INPUT DATA:
Section WalkerDivergence.
Context {R : realType} (a b c : R -> R -> R).
Implicit Types (p : pt4 R) (X : vfield R) (f : pt4 R -> R).

Lemma Gam_trace_walker k p : \sum_i Gam a b c i i k p = 0.
Proof.
rewrite Gam_trace big1 ?mulr0 // => i _; rewrite big1 // => l _.
by rewrite ginvE pd_gw !mxE; case_ord4 i; case_ord4 l; rewrite /= ?mul0r ?mulr0.
Qed.

Lemma div_walkerE X p : div a b c X p = \sum_i pd i (X i) p.
Proof.
rewrite /div big_split /= exchange_big [X in _ + X]big1 ?addr0 // => k _.
by rewrite -mulr_suml Gam_trace_walker mul0r.
Qed.

Lemma div_walkerD X1 X2 p :
  (forall i, derivable (X1 i) p (ebasis R i)) -> (forall i, derivable (X2 i) p (ebasis R i)) ->
  div a b c (fun i q => X1 i q + X2 i q) p = div a b c X1 p + div a b c X2 p.
Proof.
move=> dX1 dX2; rewrite !div_walkerE -big_split; apply: eq_bigr => i _.
exact: pdD.
Qed.

Lemma dual_pair_lt2 {i j : 'I_4} : dual_pair i j -> (2 <= j)%N -> (i < 2)%N.
Proof. by case_ord4 i; case_ord4 j. Qed.

Lemma grad_walker_uv f i : depends_on_uv f ->
  grad a b c f i = fun q => \sum_(j < 4) ((2 <= j)%N && dual_pair i j)%:R * pd j f q.
Proof.
move=> fE; apply/funext => q; apply: eq_bigr => j _; rewrite ginvE mxE.
have [j2|j2] := ltnP j 2; first by rewrite (pd_depends_on_uv fE j q j2).2 !mulr0.
case: (dual_pair i j) => //=; case: eqP => [->|_]; last by rewrite andbF mul0r.
by rewrite ltnNge j2 /= mul0r.
Qed.
(* Let $G$ be a canonically prime bichain graph, and let $\phi$ be an embedding of $G$ as an induced subgraph into a $Z$-grid $Z$ with vertex set $\{z_{i,j}:1\le i\le a,\ 1\le j\le b\}$ (for some $a,b\ge1$), where for $i<i'$, $z_{i,j}z_{i',j'}$ is an edge iff (1) $i$ odd, $i'=i+1$, $j>j'$; or (2) $i$ even, $i'=i+1$, $j\le j'$; or (3) $i$ even, $i'$ odd, $i'\ge i+3$. Then the set of columns $\{i : z_{i,j}\in\phi(V(G))\text{ for some }j\}$ is a set of consecutive integers.
   Context: A bichain graph is a bipartite graph admitting a bipartition in which each of the two parts can be divided into at most two chains, a chain being a set of vertices whose neighbourhoods are linearly ordered by inclusion. For bipartite graphs $G_1=(X_1,Y_1,E_1)$, $G_2=(X_2,Y_2,E_2)$ on disjoint vertex sets (given with bipartitions) define the disjoint union $G_1\oplus G_2=(X_1\cup X_2,Y_1\cup Y_2,E_1\cup E_2)$, the join $G_1\otimes G_2=(X_1\cup X_2,Y_1\cup Y_2,E_1\cup E_2\cup(X_1\times Y_2)\cup(X_2\times Y_1))$, and the skew join $G_1\oslash G_2=(X_1\cup X_2,Y_1\cup Y_2,E_1\cup E_2\cup(X_1\times Y_2))$. A bipartite graph is canonically prime if it cannot be written in the form $G_1\oplus G_2$, $G_1\otimes G_2$ or $G_1\oslash G_2$ with $G_1,G_2$ nonempty. In the grid, $i$ is the column index. *)

From mathcomp Require Import all_boot.
Set Implicit Arguments. Unset Strict Implicit. Unset Printing Implicit Defensive.

Definition bipartite_wrt (V : finType) (e : rel V) (X : {set V}) : Prop :=
  symmetric e /\ (forall u v, e u v -> (u \in X) != (v \in X)).

Definition nbhd (V : finType) (e : rel V) (v : V) : {set V} := [set w | e v w].

Definition is_chain (V : finType) (e : rel V) (S : {set V}) : Prop :=
  forall u v, u \in S -> v \in S ->
    (nbhd e u \subset nbhd e v) \/ (nbhd e v \subset nbhd e u).

Definition bichain (V : finType) (e : rel V) (X : {set V}) : Prop :=
  bipartite_wrt e X /\
  (exists X1 X2 : {set V}, X = X1 :|: X2 /\ is_chain e X1 /\ is_chain e X2) /\
  (exists Y1 Y2 : {set V}, ~: X = Y1 :|: Y2 /\ is_chain e Y1 /\ is_chain e Y2).

(* G = G1 (+) G2 where G1 is induced on A, G2 on B = ~: A *)
Definition is_disjoint_union (V : finType) (e : rel V) (X A : {set V}) : Prop :=
  forall u v, u \in A -> v \notin A -> ~~ e u v.

(* G = G1 (x) G2 : X1 complete to Y2 and X2 complete to Y1 *)
Definition is_join (V : finType) (e : rel V) (X A : {set V}) : Prop :=
  (forall u v, u \in A -> v \notin A -> u \in X -> v \notin X -> e u v) /\
  (forall u v, u \notin A -> v \in A -> u \in X -> v \notin X -> e u v).

(* G = G1 (/) G2 : X1 complete to Y2, no edges between X2 and Y1 *)
Definition is_skew_join (V : finType) (e : rel V) (X A : {set V}) : Prop :=
  (forall u v, u \in A -> v \notin A -> u \in X -> v \notin X -> e u v) /\
  (forall u v, u \notin A -> v \in A -> u \in X -> v \notin X -> ~~ e u v).

Definition canonically_prime (V : finType) (e : rel V) (X : {set V}) : Prop :=
  forall A : {set V}, A != set0 -> ~: A != set0 ->
    ~ is_disjoint_union e X A /\ ~ is_join e X A /\ ~ is_skew_join e X A.

(* Z-grid adjacency on vertices z_{i,j} = (i, j) (1-based), case i < i' *)
Definition zgrid_lt (p q : nat * nat) : bool :=
  let: (i, j) := p in let: (i', j') := q in
  (i < i') &&
  [|| [&& odd i, i' == i.+1 & j' < j],
      [&& ~~ odd i, i' == i.+1 & j <= j']
    | [&& ~~ odd i, odd i' & i + 3 <= i']].

Definition zgrid_adj (p q : nat * nat) : bool := zgrid_lt p q || zgrid_lt q p.

Definition in_zgrid (a b : nat) (p : nat * nat) : bool :=
  (1 <= p.1 <= a) && (1 <= p.2 <= b).

Definition zgrid_embedding (V : finType) (e : rel V) (a b : nat)
  (phi : V -> nat * nat) : Prop :=
  injective phi /\ (forall v, in_zgrid a b (phi v)) /\
  (forall u v, e u v = zgrid_adj (phi u) (phi v)).

Definition used_column (V : finType) (phi : V -> nat * nat) (i : nat) : Prop :=
  exists v, (phi v).1 = i.

(* Grid edges change the parity of the column, so the parity of the column is a
   proper 2-colouring of G; since G is prime, its bipartition must be exactly
   {even columns, odd columns} (otherwise G splits as a disjoint union).  If a
   column j between two used columns were empty, the only edges between the
   vertices left of j and those right of j would go from the even columns on
   the left to the odd columns on the right, and all of them are present: this
   is a skew join, contradicting primality. *)
From mathcomp Require Import all_boot.
From mathcomp Require Import zify.

Set Implicit Arguments.
Unset Strict Implicit.
Unset Printing Implicit Defensive.

Lemma zgrid_adjC : symmetric zgrid_adj.
Proof. by move=> p q; rewrite /zgrid_adj orbC. Qed.

Lemma zgrid_lt_odd (p q : nat * nat) :
  zgrid_lt p q -> odd p.1 != odd q.1.
Proof.
case: p q => [i x] [k y] /= /andP[_].
case/or3P=> /and3P[oi hk _]; last by rewrite (negbTE oi) hk.
  by rewrite (eqP hk) /= oi.
by rewrite (eqP hk) /= (negbTE oi).
Qed.

Lemma zgrid_adj_odd (p q : nat * nat) :
  zgrid_adj p q -> odd p.1 != odd q.1.
Proof. by case/orP=> /zgrid_lt_odd //; rewrite eq_sym. Qed.

Lemma zgrid_adj_across (p q : nat * nat) (j : nat) :
  p.1 < j < q.1 -> zgrid_adj p q = ~~ odd p.1 && odd q.1.
Proof.
case: p q => [i x] [k y] /= /andP[hi hk]; rewrite /zgrid_adj /zgrid_lt.
have -> : (k < i) = false by lia.
have -> : (i < k) = true by lia.
have -> : (k == i.+1) = false by apply/eqP; lia.
rewrite !andbF /= orbF.
case oi: (odd i); case ok: (odd k) => //=.
case: (leqP (i + 3) k) => // h.
have hk2 : k = i.+2 by lia.
by move: ok; rewrite hk2 /= oi.
Qed.

Lemma canonically_prime_part_colouring (V : finType) (e : rel V) (X : {set V})
    (c : V -> bool) :
  bipartite_wrt e X -> canonically_prime e X ->
  (forall u v, e u v -> c u != c v) ->
  (forall v, (v \in X) = c v) \/ (forall v, (v \in X) = ~~ c v).
Proof.
move=> [_ eX] prime ec.
set A := [set v | (v \in X) == c v].
have : is_disjoint_union e X A.
  move=> u v; rewrite !inE => Au Av; apply/negP => euv.
  move: Au Av (eX _ _ euv) (ec _ _ euv).
  by case: (u \in X); case: (v \in X); case: (c u); case: (c v).
case: (eqVneq A set0) => [A0 _|An0].
  by right=> v; move: (in_set0 v); rewrite -A0 inE; case: (v \in X); case: (c v).
case: (eqVneq (~: A) set0) => [A1 _|A1]; last by case: (prime A An0 A1).
by left=> v; move: (in_set0 v); rewrite -A1 !inE; case: (v \in X); case: (c v).
Qed.

Section EmptyColumn.

Variables (V : finType) (e : rel V) (X : {set V}) (phi : V -> nat * nat).
Hypothesis e_phi : forall u v, e u v = zgrid_adj (phi u) (phi v).
Variable j : nat.
Hypothesis column_j_empty : forall v, (phi v).1 != j.

Definition left_of : {set V} := [set v | (phi v).1 < j].

Lemma edge_across_column (u v : V) :
  u \in left_of -> v \notin left_of -> e u v = ~~ odd (phi u).1 && odd (phi v).1.
Proof.
rewrite !inE -leqNgt => uL vR; rewrite e_phi (@zgrid_adj_across _ _ j) // uL.
by rewrite ltn_neqAle vR andbT eq_sym column_j_empty.
Qed.

Lemma skew_join_even_left :
  (forall v, (v \in X) = ~~ odd (phi v).1) -> is_skew_join e X left_of.
Proof.
move=> hX; split=> u v uA vA; rewrite !hX negbK => pu pv.
  by rewrite edge_across_column // pu pv.
by rewrite e_phi zgrid_adjC -e_phi edge_across_column // pv.
Qed.

Lemma skew_join_odd_right :
  (forall v, (v \in X) = odd (phi v).1) -> is_skew_join e X (~: left_of).
Proof.
move=> hX; split=> u v; rewrite !inE ?negbK => uA vA; rewrite !hX => pu pv.
  by rewrite e_phi zgrid_adjC -e_phi edge_across_column ?inE ?pu ?pv.
by rewrite edge_across_column ?inE ?pu.
Qed.

End EmptyColumn.

Theorem lemma17 (V : finType) (e : rel V) (X : {set V})
  (a b : nat) (phi : V -> nat * nat) :
  1 <= a -> 1 <= b ->
  bichain e X -> canonically_prime e X ->
  zgrid_embedding e a b phi ->
  forall i k j, used_column phi i -> used_column phi k -> i <= j <= k ->
    used_column phi j.
Proof.
move=> _ _ [bip _] prime [_ [_ e_phi]] i k j [vi <-] [vk <-] /andP[hij hjk].
case: (boolP [exists v, (phi v).1 == j]) => [/existsP[v /eqP]|]; first by exists v.
rewrite negb_exists => /forallP empty_j; exfalso.
have nL : left_of phi j != set0.
  by apply/set0Pn; exists vi; rewrite inE ltn_neqAle hij empty_j.
have nR : ~: left_of phi j != set0.
  by apply/set0Pn; exists vk; rewrite !inE -leqNgt.
have parity : forall u v, e u v -> odd (phi u).1 != odd (phi v).1.
  by move=> u v; rewrite e_phi; exact: zgrid_adj_odd.
have /= [hX|hX] := canonically_prime_part_colouring bip prime parity.
  have nR' : ~: ~: left_of phi j != set0 by rewrite setCK.
  have [_ [_ []]] := prime _ nR nR'.
  exact (skew_join_odd_right e_phi empty_j hX).
have [_ [_ []]] := prime _ nL nR.
exact (skew_join_even_left e_phi empty_j hX).
Qed.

EXERCISE DESCRIPTION:
Return a copy of each line in the entries that contains "where".

THE COMPLETED TASK:
(* Let $G$ be a canonically prime bichain graph, and let $\phi$ be an embedding of $G$ as an induced subgraph into a $Z$-grid $Z$ with vertex set $\{z_{i,j}:1\le i\le a,\ 1\le j\le b\}$ (for some $a,b\ge1$), where for $i<i'$, $z_{i,j}z_{i',j'}$ is an edge iff (1) $i$ odd, $i'=i+1$, $j>j'$; or (2) $i$ even, $i'=i+1$, $j\le j'$; or (3) $i$ even, $i'$ odd, $i'\ge i+3$. Then the set of columns $\{i : z_{i,j}\in\phi(V(G))\text{ for some }j\}$ is a set of consecutive integers.
(* G = G1 (+) G2 where G1 is induced on A, G2 on B = ~: A *)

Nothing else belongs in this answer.